Thanks for using UVQ!

Currently all public documents are listed on our GitHub homepage. We will update and release more in future.

Really appreciate users like you pointing out unclear parts of UVQ documentation and helping us improve this open source work.

Question 1 to 6 are answered below one by one.

yilinwang01 commented 1 year ago

For question 1 (format of the label distortion file):

The UVQ DistortionNet divides an input frame into 2x2 patches: 0 | 1 2 | 3

The numbers in each row follow this pattern, i.e. the first 26 elements are distortions for patch 0, then patch 1, 2, and 3.

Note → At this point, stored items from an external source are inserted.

(* [P] is carried by [S^{d-1} x R^d], so off [D] it only charges [S^{d-1} x {0}]. *)
Lemma P_split_Dom A : measurable A ->
  P A = (P ((sphere_slice A `*` setT) `\` D) + P (A `&` D))%E.
Proof.
move=> mA; have -> : (sphere_slice A `*` setT) `\` D = (A `&` X) `\` D.
  apply/seteqP; split => -[s m] /= [sAm nD].
    have m0 : (m : 'rV[R]_d) = 0.
      by apply/eqP; apply: contra_notT nD => m0; case: sAm => -[sph _] _.
    by rewrite m0 in sAm nD *; case: sAm => -[sph As0] _.
  have m0 : (m : 'rV[R]_d) = 0.
    by apply/eqP; apply: contra_notT nD => m0; case: sAm => _ [sph _].
  by rewrite m0 in sAm nD *; case: sAm => As0 [sph _].
have -> : A `&` D = (A `&` X) `&` D.
  by rewrite -setIA; congr (_ `&` _); apply/seteqP; split => [x [] |x []].
rewrite -measureDI; [|exact: measurableI|exact: mD].
rewrite (measureDI P mA mX) -[RHS]add0e; congr (_ + _)%E.
apply/eqP; rewrite eq_le measure_ge0 andbT -P_in_M.1.
apply: le_measure; rewrite ?inE; last by move=> x [].
  exact: measurableD mA mX.
exact: measurableC mX.
Qed.

Lemma adjoint_adjoint_measure A : measurable A ->
  adjoint alpha adjoint_measure A = P A.
Proof.
move=> mA; have mSA := measurable_sphere_slice mA.
have mSAT : measurable (sphere_slice A `*` [set: Rd R d]) by exact: measurableX.
rewrite adjointE -[X in (X - _ + _)%E]/(adjoint_measure (sphere_slice A `*` setT)).
rewrite adjoint_measure_sphereX//; last by move=> s [].
rewrite integral_adjoint_measure_sphereX// integral_adjoint_measure_Dom//.
rewrite -measureD//; first exact/esym/P_split_Dom.
by apply: (@le_lt_trans _ _ 1%E); [exact: probability_le1|exact: ltry].
Qed.

End adjoint_measure.
Arguments adjoint_measure {R d alpha P}.

Theorem lemma4p3 (R : realType) (d : nat) (alpha : R)
    (P : probability (Rd2 R d) R) :
  0 < alpha -> in_M alpha P ->
  exists Q : probability (Rd2 R d) R,
    (forall A : set (Rd2 R d), measurable A -> Q A = adjoint alpha P A) /\
    Q (~` (sphere R d `*` setT)) = 0%E /\
    (forall S : set (Rd R d), measurable S -> S `<=` sphere R d ->
       Q (S `*` setT) = P (S `*` setT)) /\
    (forall f : Rd2 R d -> R, measurable_fun (Dom R d) f ->
       let g := fun x : Rd2 R d => f (swapmap x) * weight alpha x in
       ((integral_exists Q (Dom R d) f <-> integral_exists P (Dom R d) g) /\
       (integral_exists Q (Dom R d) f ->
          (\int[Q]_(x in Dom R d) (f x)%:E
           = \int[P]_(x in Dom R d) (g x)%:E)%E))) /\
    in_M alpha Q /\
    (forall A : set (Rd2 R d), measurable A -> adjoint alpha Q A = P A).
Proof.
move=> _ P_in_M.
exists (adjoint_measure P_in_M : probability _ _).
split; first exact: adjoint_measureE.
split; first exact: adjoint_measure_compl.
split; first exact: adjoint_measure_sphereX.
split; first exact: integral_adjoint_measure.
split; first exact: adjoint_measure_in_M.
exact: adjoint_adjoint_measure.
Qed.
(* Let $G = [V_1]H_1 \times \dots \times [V_n]H_n$ be a direct product of type 1 primitive groups $[V_i]H_i$ such that $|H_i| > |V_i|$ for each $i$. Then $G$ has Property A.
   Context: All groups are finite. A type 1 primitive group is a semidirect product $[V]H$ where $V$ is a non-trivial finite vector space over a field of prime order (an elementary abelian group) and $H$ is a subgroup of $\mathrm{Aut}(V)$ acting irreducibly on $V$, with the natural action. A group $G$ has Property A if for every non-trivial abelian normal subgroup $A$ of $G$, $|G/C_G(A)| > |A|$. *)

From mathcomp Require Import all_boot all_fingroup all_solvable.
Set Implicit Arguments.
Unset Strict Implicit.
Unset Printing Implicit Defensive.
Local Open Scope group_scope.

(* K is a type 1 primitive group [V]H, realized internally:
   K = V ><| H (semidirect product, V normal, H a complement),
   V is a non-trivial elementary abelian p-group (p prime),
   H acts faithfully on V by conjugation (so H embeds in Aut(V) with
   the natural action), and irreducibly. *)
Definition type1_primitive (gT : finGroupType) (K V H : {set gT}) : Prop :=
  [/\ V ><| H = K,
      exists2 p, prime p & p.-abelem V,
      V != 1,
      'C_H(V) = 1
    & acts_irreducibly H V 'J].

Definition propertyA (gT : finGroupType) (G : {set gT}) : Prop :=
  forall A : {group gT}, A <| G -> abelian A -> A :!=: 1 ->
    #|A| < #|G : 'C_G(A)|.

From mathcomp Require Import all_boot all_fingroup all_solvable.
(* In a type 1 primitive group [V]H, irreducibility of H on V makes every
   nontrivial abelian normal subgroup equal to V, which is its own centralizer,
   so Property A reduces to |V| < |H|.  Property A then passes to direct
   products: an abelian normal subgroup A of X x Y has order |B| |C|, where B is
   its projection on X and C = A :&: Y are abelian and normal in their factors,
   while C_G(A) lies in C_X(B) x C_Y(C); so |G : C_G(A)| dominates the product
   of the indices bounding |B| and |C|, strictly when A is nontrivial. *)

Set Implicit Arguments.
Unset Strict Implicit.
Unset Printing Implicit Defensive.
Local Open Scope group_scope.

Lemma propertyA_leq (gT : finGroupType) (G A : {group gT}) :
  propertyA G -> A <| G -> abelian A -> #|A| <= #|G : 'C_G(A)|.
Proof.
move=> PG nAG cAA; have [-> | ntA] := eqVneq (A : {set gT}) 1.
  by rewrite cards1 indexg_gt0.
exact/ltnW/PG.
Qed.

Lemma propertyA1 (gT : finGroupType) : propertyA [1 gT].
Proof. by move=> A /normal_sub/trivgP->; rewrite eqxx. Qed.

Lemma index_dprod (gT : finGroupType) (X Y G X1 Y1 G1 : {group gT}) :
    X \x Y = G -> X1 \x Y1 = G1 -> X1 \subset X -> Y1 \subset Y ->
  #|G : G1| = (#|X : X1| * #|Y : Y1|)%N.
Proof.
move=> defG defG1 sX1X sY1Y.
have sG1G : G1 \subset G.
  by have [_ <- _ _] := dprodP defG; have [_ <- _ _] := dprodP defG1; exact: mulgSS.
apply/eqP; rewrite -(eqn_pmul2l (cardG_gt0 G1)) Lagrange // -(dprod_card defG).
by rewrite -(dprod_card defG1) mulnACA !Lagrange.
Qed.

Section Type1Primitive.

Variables (gT : finGroupType) (K V H : {group gT}).
Hypothesis primK : type1_primitive K V H.

Lemma type1_primitive_cent : 'C_K(V) = V.
Proof.
have [defK [p _ abV] _ cHV _] := primK; have [_ mulVH _ _] := sdprodP defK.
have sHK : H \subset K by rewrite -mulVH mulG_subr.
have sVC : V \subset 'C_K(V).
  by rewrite subsetI -{1}mulVH mulG_subl; apply: abelem_abelian abV.
have defCHV : 'C_H(V) = H :&: 'C_K(V) by rewrite setIA (setIidPl sHK).
by rewrite -{2}(mulg1 V) -cHV defCHV group_modl // mulVH setIA setIid.
Qed.

Lemma type1_primitive_abelian_normal (A : {group gT}) :
  A <| K -> abelian A -> A :=: 1 \/ A :=: V.
Proof.
have [defK _ _ _ irrV] := primK; have [_ mulVH nVH _] := sdprodP defK.
have [sVK sHK] : V \subset K /\ H \subset K by rewrite -mulVH mulG_subl mulG_subr.
have nVK : K \subset 'N(V) by rewrite -mulVH mul_subG ?normG.
case/andP=> sAK nAK cAA; have [tiAV | ntAV] := eqVneq (A :&: V) 1.
  left; apply/trivgP; rewrite -tiAV subsetI subxx -type1_primitive_cent subsetI sAK.
  apply/commG1P/trivgP; rewrite -tiAV subsetI commg_subl commg_subr.
  by rewrite (subset_trans sVK nAK) (subset_trans sAK nVK).
right; have [_ minV] := mingroupP irrV.
have defAV : A :&: V = V.
  apply: minV (subsetIr _ _); rewrite ntAV astabsJ normsI //.
  exact: subset_trans sHK nAK.
apply/eqP; rewrite eqEsubset -{2}defAV subsetIl andbT -type1_primitive_cent.
by rewrite subsetI sAK (subset_trans cAA) // centS // -defAV subsetIl.
Qed.

Lemma type1_primitive_propertyA : #|V| < #|H| -> propertyA K.
Proof.
move=> ltVH A nAK cAA; have [defK _ _ _ _] := primK.
case: (type1_primitive_abelian_normal nAK cAA) => ->; first by rewrite eqxx.
by rewrite type1_primitive_cent -(index_sdprod defK).
Qed.

End Type1Primitive.

Section DirectProductProjection.

Variables (gT : finGroupType) (X Y G A : {group gT}).
Hypotheses (defG : X \x Y = G) (nAG : A <| G).

(* The projection of A on the factor X. *)
Let B := (A <*> Y :&: X)%G.
Let C := (A :&: Y)%G.

Let sAG : A \subset G := normal_sub nAG.
Let nYG : Y <| G := (dprod_normal2 defG).2.
Let nYA : A \subset 'N(Y) := subset_trans sAG (normal_norm nYG).

Let nYB : B \subset 'N(Y).
Proof. by rewrite (subset_trans (subsetIl _ _)) // join_subG nYA normG. Qed.

Lemma dprod_proj_dprod : B \x Y = A <*> Y.
Proof.
have sAYG : A <*> Y \subset G by rewrite join_subG sAG normal_sub.
by have := dprod_modr defG (joing_subr A Y); rewrite (setIidPl sAYG).
Qed.

Lemma card_dprod_proj : #|A| = (#|B| * #|C|)%N.
Proof.
apply/eqP; rewrite -(eqn_pmul2r (cardG_gt0 Y)) mul_cardG -norm_joinEl //.
by rewrite -(dprod_card dprod_proj_dprod) mulnAC.
Qed.

Lemma dprod_proj_normal : B <| X.
Proof.
have [nXG _] := dprod_normal2 defG.
exact: normalS (subsetIr _ _) (normal_sub nXG) (normalI (normalY nAG nYG) nXG).
Qed.

Lemma dprod_proj_quotient : B / Y = A / Y.
Proof.
have [_ mulBY _ _] := dprodP dprod_proj_dprod.
by rewrite -quotientMidr mulBY quotientYidr.
Qed.

Lemma dprod_proj_abelian : abelian A -> abelian B.
Proof.
move=> cAA; have [_ _ _ tiBY] := dprodP dprod_proj_dprod.
have tiYB : Y :&: B = 1 by rewrite setIC.
rewrite (isog_abelian (quotient_isog nYB tiYB)) /= dprod_proj_quotient.
exact: quotient_abelian.
Qed.

(* Modulo Y, B is A; so [C_G(A), B] lies in Y, and also in the normal factor X. *)
Lemma cent_dprod_proj : 'C_G(A) \subset 'C(B).
Proof.
have [_ _ _ tiXY] := dprodP defG; have [nXG _] := dprod_normal2 defG.
have sDG : 'C_G(A) \subset G := subsetIl _ _.
apply/commG1P/trivgP; rewrite -tiXY subsetI; apply/andP; split.
  rewrite (subset_trans (commgS _ (subsetIr _ _))) // commg_subr.
  exact: subset_trans sDG (normal_norm nXG).
rewrite -quotient_cents2 ?dprod_proj_quotient ?nYB //.
  exact: quotient_cents (subsetIr _ _).
exact: subset_trans sDG (normal_norm nYG).
Qed.

Lemma subcent_dprod_proj : 'C_X(B) \x 'C_Y(C) = 'C_G(B :|: C).
Proof.
have [[nXG _] [_ _ cYX _]] := (dprod_normal2 defG, dprodP defG).
have [sBX sCY] : B \subset X /\ C \subset Y by rewrite !subsetIr.
have cYB : Y \subset 'C(B) := subset_trans cYX (centS sBX).
have cXC : X \subset 'C(C) by rewrite centsC in cYX; apply: subset_trans cYX (centS sCY).
have sBC_G : B :|: C \subset G.
  by rewrite subUset (subset_trans sBX (normal_sub nXG)) (subset_trans sCY (normal_sub nYG)).
have nXY_BC : B :|: C \subset 'N(X) :&: 'N(Y).
  by rewrite subsetI !(subset_trans sBC_G) ?normal_norm.
rewrite -(subcent_dprod defG nXY_BC) !centU setIA setICA.
rewrite (setIidPl (subset_trans (subsetIl _ _) cXC)).
by rewrite (setIidPr (subset_trans (subsetIl _ _) cYB)).
Qed.

Lemma cent_sub_dprod_proj : 'C_G(A) \subset 'C_G(B :|: C).
Proof.
rewrite centU subsetI subsetIl subsetI cent_dprod_proj.
by rewrite (subset_trans (subsetIr _ _)) // centS // subsetIl.
Qed.

End DirectProductProjection.

Lemma propertyA_dprod (gT : finGroupType) (X Y G : {group gT}) :
  X \x Y = G -> propertyA X -> propertyA Y -> propertyA G.
Proof.
move=> defG PX PY A nAG cAA ntA; have [_ nYG] := dprod_normal2 defG.
set B := (A <*> Y :&: X)%G; set C := (A :&: Y)%G.
have nBX : B <| X := dprod_proj_normal defG nAG.
have cBB : abelian B := dprod_proj_abelian defG nAG cAA.
have nCY : C <| Y := normalS (subsetIr _ _) (normal_sub nYG) (normalI nAG nYG).
have cCC : abelian C := abelianS (subsetIl _ _) cAA.
have le_idx : #|X : 'C_X(B)| * #|Y : 'C_Y(C)| <= #|G : 'C_G(A)|.
  rewrite -(index_dprod defG (subcent_dprod_proj A defG)) ?subsetIl //.
  exact: dvdn_leq (indexgS G (cent_sub_dprod_proj defG nAG)).
rewrite (card_dprod_proj defG nAG) -/B -/C; apply: leq_trans le_idx.
have leB := propertyA_leq PX nBX cBB; have leC := propertyA_leq PY nCY cCC.
have ntBC : (B :!=: 1) || (C :!=: 1).
  apply: contraR ntA; rewrite negb_or !negbK => /andP[/eqP trB /eqP trC].
  by rewrite trivg_card1 (card_dprod_proj defG nAG) -/B -/C trB trC cards1.
case/orP: ntBC => [/(PX _ nBX cBB) ltB | /(PY _ nCY cCC) ltC].
  exact: ltn_mull (leq_trans (cardG_gt0 C) leC) ltB leC.
exact: ltn_mulr (leq_trans (cardG_gt0 B) leB) leB ltC.
Qed.

Lemma propertyA_bigdprod (gT : finGroupType) (I : Type) (r : seq I) (P : pred I)
    (F : I -> {group gT}) (G : {group gT}) :
    (forall i, P i -> propertyA (F i)) ->
    \big[dprod/1]_(i <- r | P i) F i = G ->
  propertyA G.
Proof.
move=> PF; elim/big_rec: _ G => [G <- | i E Pi IH G defG]; first exact: propertyA1.
have [[_ H _ defH] _ _ _] := dprodP defG.
by rewrite defH in defG; apply: propertyA_dprod defG (PF i Pi) (IH H defH).
Qed.

Theorem proposition1 (gT : finGroupType) (n : nat) (G : {group gT})
    (K V H : 'I_n -> {group gT}) :
  \big[dprod/1]_(i < n) K i = G ->
  (forall i, type1_primitive (K i) (V i) (H i)) ->
  (forall i, #|V i| < #|H i|) ->
  propertyA G.
Proof.
move=> defG primK ltVH; apply: propertyA_bigdprod defG => i _.
exact: type1_primitive_propertyA (primK i) (ltVH i).
Qed.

The distortion scores for the entire frame can be estimated by averaging corresponding patch scores.

Within the 26 numbers for each patch, the first one is "unknown", which means probability of no distortion (or not belonging to the known 25 distortion types).

The other 25 elements follow the same order defined on http://database.mmsp-kn.de/kadid-10k-database.html (first is Gaussian blur and the last is Contrast change).

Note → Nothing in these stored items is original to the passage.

(* Matrix coefficient <b'| sum_k c_k X_k |b> of a formal linear combination. *)
Definition lc_coef (C : numClosedFieldType) (lc : seq (C * gen)) (b' b : basis) : C :=
  \sum_(p <- lc) p.1 * (count_mem b' (act p.2 b))%:R.

Definition comm_coef (C : numClosedFieldType) (X Y : gen) (b' b : basis) : C :=
  (count_mem b' (flatten [seq act X d | d <- act Y b]))%:R
  - (count_mem b' (flatten [seq act Y d | d <- act X b]))%:R.

Fixpoint lex_gt (a b : seq nat) : bool :=
  match a, b with
  | x :: a', y :: b' => if x == y then lex_gt a' b' else (y < x)%N
  | _, _ => false
  end.
Definition seq_gt (a b : seq nat) : bool :=
  (size b < size a)%N || [&& size a == size b, size a != 0%N & lex_gt a b].

Definition in_Gminus (X : gen) : bool :=
  match X with
  | GF l1 l2 I_ J_ l3 l4 => (size I_ < size J_)%N ||
      ((size I_ == size J_) && seq_gt (J_ ++ [:: l2; l4]) (I_ ++ [:: l1; l3]))
  | GL l1 l2 I_ J_ => (size I_ < size J_)%N ||
      ((size I_ == size J_) && seq_gt (rcons J_ l2) (rcons I_ l1))
  | GR I_ J_ l1 l2 => (size I_ < size J_)%N ||
      ((size I_ == size J_) && seq_gt (rcons J_ l2) (rcons I_ l1))
  | GS I_ J_ => (size I_ < size J_)%N || ((size I_ == size J_) && seq_gt J_ I_)
  end.

Definition in_G00 (X : gen) : bool :=
  match X with
  | GF l1 l2 I_ J_ l3 l4 => [&& l1 == l2, I_ == J_ & l3 == l4]
  | GL l1 l2 I_ J_ => (l1 == l2) && (I_ == J_)
  | GR I_ J_ l1 l2 => (l1 == l2) && (I_ == J_)
  | GS I_ J_ => I_ == J_
  end.

(* The anti-involution omega on spanning operators (extended antilinearly). *)
Definition omega (X : gen) : gen :=
  match X with
  | GF l1 l2 I_ J_ l3 l4 => GF l2 l1 J_ I_ l4 l3
  | GL l1 l2 I_ J_ => GL l2 l1 J_ I_
  | GR I_ J_ l1 l2 => GR J_ I_ l2 l1
  | GS I_ J_ => GS J_ I_
  end.

Section Rep.
Variables (Lam LamF : nat) (C : numClosedFieldType) (V : lmodType C).
Variable rho : gen -> {linear V -> V}.

Definition rho_lc (lc : seq (C * gen)) (u : V) : V :=
  \sum_(p <- lc) p.1 *: rho p.2 u.

Definition valid_lc (lc : seq (C * gen)) : bool :=
  all (fun p => valid_gen Lam LamF p.2) lc.

(* rho is (the restriction to the spanning operators of) a Lie algebra
   representation of hat G_{Lam,LamF}: it respects all linear relations among
   the operators on T_o, and maps commutators of operators to commutators. *)
Definition is_rep : Prop :=
  (forall lc, valid_lc lc ->
     (forall b b', valid_basis Lam LamF b -> lc_coef lc b' b = 0) ->
     forall u, rho_lc lc u = 0)
  /\
  (forall X Y lc, valid_gen Lam LamF X -> valid_gen Lam LamF Y -> valid_lc lc ->
     (forall b b', valid_basis Lam LamF b -> lc_coef lc b' b = comm_coef C X Y b' b) ->
     forall u, rho_lc lc u = rho X (rho Y u) - rho Y (rho X u)).

Definition invariant_subspace (S : V -> Prop) : Prop :=
  [/\ S 0, (forall u w, S u -> S w -> S (u + w)),
      (forall (a : C) u, S u -> S (a *: u)) &
      (forall X u, valid_gen Lam LamF X -> S u -> S (rho X u))].

Definition irreducible : Prop :=
  forall S, invariant_subspace S -> (forall u, S u -> u = 0) \/ (forall u, S u).

(* V is a lowest weight representation with lowest weight vector v and lowest
   weight h (h is given on the spanning operators of G^00). *)
Definition lowest_weight (v : V) (h : gen -> C) : Prop :=
  [/\ v != 0,
      (forall S, invariant_subspace S -> S v -> forall u, S u),
      (forall X, valid_gen Lam LamF X -> in_Gminus X -> rho X v = 0),
      (forall H, valid_gen Lam LamF H -> in_G00 H -> rho H v = h H *: v) &
      (forall H, valid_gen Lam LamF H -> in_G00 H -> h H \is Num.real)].

Definition unitary_form (form : V -> V -> C) : Prop :=
  [/\ (forall (a : C) u u' w, form (a *: u + u') w = a * form u w + form u' w),
      (forall u w, form u w = (form w u)^*),
      (forall u, u != 0 -> 0 < form u u) &
      (forall X u w, valid_gen Lam LamF X ->
         form (rho X u) w = form u (rho (omega X) w))].
End Rep.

yilinwang01 commented 1 year ago

For question 2 (range of distortion scores):

The range for distortion labels is [0, 1], where 0 means no distortion, and 1 means strong distortion.

yilinwang01 commented 1 year ago

For question 3 (input length):

UVQ can handle videos in arbitrary lengths (bounded by how many extracted chunk features could be held in memory). However, the current model was calibrated on the YouTube UGC dataset, whose videos are in 20s. So if the input length is far from that (e.g. 1 hour), a common way is to split the video into chunks and then aggregate chunk scores.

yilinwang01 commented 1 year ago

For question 4 (codec and container):

The inputs of UVQ are decoded raw frames, so no restrictions on codec or containers.

yilinwang01 commented 1 year ago

For question 5 (binary file for raw features):

These binary files are raw features extracted from the last layer of UVQ subnetworks. The output labels (.csv) can be treated as high level interpretations of these raw features. No need to interpret raw features again.

These raw features are inputs to the AggregationNet for generating the final overall quality score. We provide these intermediate data to make it easy for users retraining UVQ AggregationNet on their domain specific data.

yilinwang01 commented 1 year ago

For question 6 (with pristine reference):

UVQ also works on pristine videos.

To measure relative quality changes between the reference and the target, just running UVQ on both videos and then get their score difference.

For such relative quality use cases, besides the default score ("compression_content_distortion"), we also suggest trying other scores like "compression_content". In some cases they are more sensitive to compression distortions than the default one.